Instructions for the task => Line by line, return the data exactly as shown.
▬▬▬▬▬▬▬▬▬▬
(* Let $f,g\in\mathbb{N}^\mathbb{N}$. If $f$ is computably traceable and $g$ is computably traceable relative to $f$, then $g$ is computably traceable.
   Context: For a finite set $\{x_1<\dots<x_n\}\subseteq\mathbb{N}$, its canonical index is $\prod_{i=1}^n p_i^{x_i}$ with $p_i$ the $i$-th prime; $D_m$ denotes the finite set with canonical index $m$. For $h\in\mathbb{N}^\mathbb{N}$, a function $g\in\mathbb{N}^\mathbb{N}$ is computably traceable relative to $h$ if for every nondecreasing unbounded computable function $\varphi:\mathbb{N}\to\mathbb{N}_{\ge1}$ and every function $g'\le_T g$ there is an $h$-computable function $r$ such that for all $n$, $\|D_{r(n)}\|\le\varphi(n)$ and $g'(n)\in D_{r(n)}$ (here $\|\cdot\|$ is cardinality). $g$ is computably traceable if it is computably traceable relative to a computable $h$ (i.e. $r$ can be taken computable). *)

From mathcomp Require Import all_boot.
Set Implicit Arguments. Unset Strict Implicit. Unset Printing Implicit Defensive.

Inductive code : Type :=
| cZero
| cSucc
| cProj of nat
| cOrc
| cComp of code & seq code
| cRec of code & code                (* primitive recursion on the first argument *)
| cMu of code.                       (* unbounded minimisation on the first argument *)

Inductive eval (h : nat -> nat) : code -> seq nat -> nat -> Prop :=
| eZero args : eval h cZero args 0
| eSucc args : eval h cSucc args (nth 0 args 0).+1
| eProj i args : eval h (cProj i) args (nth 0 args i)
| eOrc args : eval h cOrc args (h (nth 0 args 0))
| eComp f gs args ys y :
    evals h gs args ys -> eval h f ys y -> eval h (cComp f gs) args y
| eRec0 b s rest y : eval h b rest y -> eval h (cRec b s) (0 :: rest) y
| eRecS b s n rest z y :
    eval h (cRec b s) (n :: rest) z -> eval h s (n :: z :: rest) y ->
    eval h (cRec b s) (n.+1 :: rest) y
| eMu f args y :
    eval h f (y :: args) 0 ->
    (forall z, z < y -> exists v, eval h f (z :: args) v.+1) ->
    eval h (cMu f) args y
with evals (h : nat -> nat) : seq code -> seq nat -> seq nat -> Prop :=
| esNil args : evals h [::] args [::]
| esCons g gs args y ys :
    eval h g args y -> evals h gs args ys -> evals h (g :: gs) args (y :: ys).

Definition comp_rel (h F : nat -> nat) : Prop :=
  exists c : code, forall n, eval h c [:: n] (F n).

Definition computable (F : nat -> nat) : Prop := comp_rel (fun _ => 0) F.

Definition turing_le (g' g : nat -> nat) : Prop := comp_rel g g'.

(* next prime strictly above p (Euclid: some prime lies in (p, p + p!]) *)
Definition next_prime (p : nat) : nat :=
  head 0 [seq q <- iota p.+1 (p`!) | prime q].

(* nth_prime i = p_(i+1), i.e. nth_prime 0 = 2, nth_prime 1 = 3, ... *)
Fixpoint nth_prime (i : nat) : nat :=
  if i is i'.+1 then next_prime (nth_prime i') else 2.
▬▬▬▬▬▬▬▬▬▬
Answer for the task =>
(* Let $f,g\in\mathbb{N}^\mathbb{N}$. If $f$ is computably traceable and $g$ is computably traceable relative to $f$, then $g$ is computably traceable.
   Context: For a finite set $\{x_1<\dots<x_n\}\subseteq\mathbb{N}$, its canonical index is $\prod_{i=1}^n p_i^{x_i}$ with $p_i$ the $i$-th prime; $D_m$ denotes the finite set with canonical index $m$. For $h\in\mathbb{N}^\mathbb{N}$, a function $g\in\mathbb{N}^\mathbb{N}$ is computably traceable relative to $h$ if for every nondecreasing unbounded computable function $\varphi:\mathbb{N}\to\mathbb{N}_{\ge1}$ and every function $g'\le_T g$ there is an $h$-computable function $r$ such that for all $n$, $\|D_{r(n)}\|\le\varphi(n)$ and $g'(n)\in D_{r(n)}$ (here $\|\cdot\|$ is cardinality). $g$ is computably traceable if it is computably traceable relative to a computable $h$ (i.e. $r$ can be taken computable). *)

From mathcomp Require Import all_boot.
Set Implicit Arguments. Unset Strict Implicit. Unset Printing Implicit Defensive.

Inductive code : Type :=
| cZero
| cSucc
| cProj of nat
| cOrc
| cComp of code & seq code
| cRec of code & code                (* primitive recursion on the first argument *)
| cMu of code.                       (* unbounded minimisation on the first argument *)

Inductive eval (h : nat -> nat) : code -> seq nat -> nat -> Prop :=
| eZero args : eval h cZero args 0
| eSucc args : eval h cSucc args (nth 0 args 0).+1
| eProj i args : eval h (cProj i) args (nth 0 args i)
| eOrc args : eval h cOrc args (h (nth 0 args 0))
| eComp f gs args ys y :
    evals h gs args ys -> eval h f ys y -> eval h (cComp f gs) args y
| eRec0 b s rest y : eval h b rest y -> eval h (cRec b s) (0 :: rest) y
| eRecS b s n rest z y :
    eval h (cRec b s) (n :: rest) z -> eval h s (n :: z :: rest) y ->
    eval h (cRec b s) (n.+1 :: rest) y
| eMu f args y :
    eval h f (y :: args) 0 ->
    (forall z, z < y -> exists v, eval h f (z :: args) v.+1) ->
    eval h (cMu f) args y
with evals (h : nat -> nat) : seq code -> seq nat -> seq nat -> Prop :=
| esNil args : evals h [::] args [::]
| esCons g gs args y ys :
    eval h g args y -> evals h gs args ys -> evals h (g :: gs) args (y :: ys).

Definition comp_rel (h F : nat -> nat) : Prop :=
  exists c : code, forall n, eval h c [:: n] (F n).

Definition computable (F : nat -> nat) : Prop := comp_rel (fun _ => 0) F.

Definition turing_le (g' g : nat -> nat) : Prop := comp_rel g g'.

(* next prime strictly above p (Euclid: some prime lies in (p, p + p!]) *)
Definition next_prime (p : nat) : nat :=
  head 0 [seq q <- iota p.+1 (p`!) | prime q].

(* nth_prime i = p_(i+1), i.e. nth_prime 0 = 2, nth_prime 1 = 3, ... *)
Fixpoint nth_prime (i : nat) : nat :=
  if i is i'.+1 then next_prime (nth_prime i') else 2.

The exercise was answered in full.